The push within the oil and gas industry towards digitalization hold great promises for optimizing operations and improving efficiency. Therefore, most oil and gas companies have large initiatives within digitalization – huge efforts on data acquisition, Industrial Internet of Things, Artificial Intelligence (AI), Machine Learning (ML) etc. – all digital opportunities introduced to the industry in recent years. We look at data and models as oil and gas "assets" – much like physical assets used in operations (wells, platforms, compressors etc.). Thus, there is a perceived inherent value in data for operations.
For effective operations, the interesting part of data, models and digital capabilities, is the feedback loop it allows to the physical asset itself. One wants to close/open a valve for optimal production, ensure maintenance on machinery and ensure safe scaffolding operations without sending people offshore during planning. There are two types of feedback opportunities to the physical asset – either through automation or by humans. Both humans and automation algorithms can get advice from some "co-bot" based on AI, ML or other digital opportunities. When the feedback is given automatically, we have full control over the work performed by the algorithm or cobot, while the same is not the case when humans are involved.
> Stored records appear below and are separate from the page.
Lemma ruelle_indic_le_of_cvg U x (u : nat -> Sigma S) (r : R) : open U ->
  u n @[n --> \oo] --> x -> (forall n, ruelle \1_U (u n) <= r) -> ruelle \1_U x <= r.
Proof.
move=> oU ux ur.
have mU : measurable_fun setT (\1_U : X -> R).
  by apply: measurable_indic; exact: sub_sigma_algebra.
(* [g n] is dominated by the integrand at [u n] and, U being open, converges
   pointwise to the integrand at [x]. *)
pose g n z := \1_U (sappend (u n) z) * expR (phi (sappend (u n) z)) * \1_U (sappend x z).
have mg n : measurable_fun setT (g n : borel S -> R).
  apply: measurable_funM; first exact: measurable_ruelle_integrand.
  exact: measurableT_comp mU (continuous_borel_measurable (continuous_sappendz x)).
have gB n z : `|g n z| <= 1 * expR M * 1.
  rewrite normrM ler_pM//; last exact: normr_indic_le1.
  by apply: ruelle_integrand_bound => y; exact: normr_indic_le1.
have g_cvg z : g n z @[n --> \oo] --> \1_U (sappend x z) * expR (phi (sappend x z)).
  have uxz := cvg_comp _ _ ux (continuous_sappendx z x).
  under eq_fun do rewrite /g mulrAC.
  apply: cvgM; first exact: indic_open_cvg oU uxz.
  exact: cvg_comp uxz (continuous_expR_phi _).
have Ig := cvg_Rintegral_bounded (m := mu) mg gB g_cvg.
rewrite /ruelle -(cvg_lim _ Ig)//; apply: limr_le; first exact: cvgP Ig.
apply: nearW => n; apply: le_trans (ur n); apply: le_Rintegral => //.
- exact: bounded_integrable (mg n) (gB n).
- exact: integrable_ruelle_integrand (u n) mU (normr_indic_le1 U).
- by move=> z _; rewrite /g ler_piMr ?mulr_ge0 ?expR_ge0.
Qed.

Lemma lower_semicontinuous_ruelle_indic U : open U ->
  lower_semicontinuous (EFin \o ruelle \1_U).
Proof.
move=> oU x r rx; exists [set y | (r%:E < (ruelle \1_U y)%:E)%E] => //.
apply: contrapT => /(@not_nbhs_seq R {ptws nat -> S} _ _)[u ux uN].
move: rx; rewrite /= lte_fin ltNge => /negP; apply.
apply: ruelle_indic_le_of_cvg oU ux _ => n.
by have /negP := uN n; rewrite lte_fin -leNgt.
Qed.

Lemma measurable_ruelle_indic U : open U -> measurable_fun setT (ruelle \1_U : X -> R).
Proof.
move=> oU; apply: lower_semicontinuous_borel_measurable.
exact: lower_semicontinuous_ruelle_indic.
Qed.

Lemma ruelle_stair h B n : continuous h -> ruelle (stair h B n) =
  fun x => \sum_(k < n.+1 * B) n.+1%:R^-1 * ruelle \1_(stair_level h n k) x.
Proof.
move=> hc; apply/funext => x.
have mI k := measurable_indic_stair_level h n k hc.
exact: (ruelle_lincomb _ (fun=> n.+1%:R^-1) x mI (fun k => normr_indic_le1 _)).
Qed.

Lemma measurable_ruelle_stair h B n : continuous h ->
  measurable_fun setT (ruelle (stair h B n) : X -> R).
Proof.
move=> hc; rewrite ruelle_stair//; apply: measurable_sum => k.
by apply: measurable_funM => //; apply: measurable_ruelle_indic; exact: open_stair_level.
Qed.

Lemma Lstar_ruelle nu A : measurable (A : set X) ->
  Lstar mu phi nu A = cint nu (fun x => (ruelle \1_A x)%:E).
Proof.
move=> mA; rewrite /Lstar; congr cint; apply/funext => x.
have mI : measurable_fun setT (\1_A : X -> R) by exact: measurable_indic.
exact: bounded_RintegralE (measurable_ruelle_integrand x mI)
  (ruelle_integrand_bound x ^~ (normr_indic_le1 A)).
Qed.

Section duality.
Context {lam nu : {charge set X -> \bar R}}.
Hypothesis lam_Lstar : forall A, measurable A -> lam A = Lstar mu phi nu A.

Lemma Rcint_ruelle_indic U : open U -> Rcint lam \1_U = Rcint nu (ruelle \1_U).
Proof.
move=> oU; have mU : measurable (U : set X) by exact: sub_sigma_algebra.
rewrite Rcint_indic// lam_Lstar// Lstar_ruelle// (cintE _ (B := 1 * expR M))//.
  exact: measurable_ruelle_indic.
move=> x; apply: ruelle_bound => [|y]; [exact: measurable_indic|exact: normr_indic_le1].
Qed.

Lemma Rcint_ruelle_stair h B n : continuous h ->
  Rcint lam (stair h B n) = Rcint nu (ruelle (stair h B n)).
Proof.
move=> hc.
have mI k := measurable_indic_stair_level h n k hc.
have mK k := measurable_ruelle_indic _ (open_stair_level h n k hc).
have KB k x := ruelle_bound x (mI k) (normr_indic_le1 (stair_level h n k)).
rewrite ruelle_stair//; set c := n.+1%:R^-1.
have -> : Rcint lam (stair h B n) =
    \sum_(k < n.+1 * B) c * Rcint lam \1_(stair_level h n k).
  exact: (Rcint_lincomb lam _ (fun=> c) mI (fun k => normr_indic_le1 _)).
have -> : Rcint nu (fun x => \sum_(k < n.+1 * B) c * ruelle \1_(stair_level h n k) x) =
    \sum_(k < n.+1 * B) c * Rcint nu (ruelle \1_(stair_level h n k)).
  exact: (Rcint_lincomb nu _ (fun=> c) mK KB).
by apply: eq_bigr => k _; rewrite Rcint_ruelle_indic//; exact: open_stair_level.
Qed.

Lemma Rcint_ruelle_ge0 h : Cb h -> (forall y, 0 <= h y) ->
  Rcint lam h = Rcint nu (ruelle h).
Proof.
move=> [hc [b hb]] h0; pose B := (Num.truncn b).+1.
have hB y : 0 <= h y <= B%:R.
  by rewrite h0 (le_trans (ler_norm _) (le_trans (hb y) (ltW (truncnS_gt _)))).
have sB n y : `|stair h B n y| <= B%:R.
  have [/andP[s0 sh] _] := stair_bounds h B n (hB y).
  by rewrite ger0_norm// (le_trans sh); case/andP: (hB y).
have ms n := measurable_stair h B n hc.
have h_stair y := stair_cvg h B (hB y).
have lam_cvg := cvg_Rcint lam ms sB h_stair.
have nu_cvg : Rcint lam (stair h B n) @[n --> \oo] --> Rcint nu (ruelle h).
  apply: cvg_trans (cvg_Rcint nu (fun n => measurable_ruelle_stair h B n hc)
    (fun n x => ruelle_bound x (ms n) (sB n)) (fun x => ruelle_cvg x ms sB h_stair)).
  by apply: near_eq_cvg; apply: nearW => n; rewrite Rcint_ruelle_stair.
exact: cvg_unique lam_cvg nu_cvg.
Qed.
At certain level engineers and operators know how to do the work – this is embedded into known "work processes." However, the actual interpretation of a work processes into concrete activities may lead to different tasks for team members – even for the same work. This gives lack of repeatability, inconsistency in operations, and makes effective collaborations challenging. In many ways, we lack (real time) data on the work itself, when it's done by humans.
This paper addresses this issue – we explain why data on the work and how effectively it is performed should be regarded as an asset in a similar way to real-time data and reservoir models. We show technologies and examples allowing organization to assess data on the work itself. We discuss how teams can work differently, and how technology can be used to drive consistency and KPIs toward more effective operations.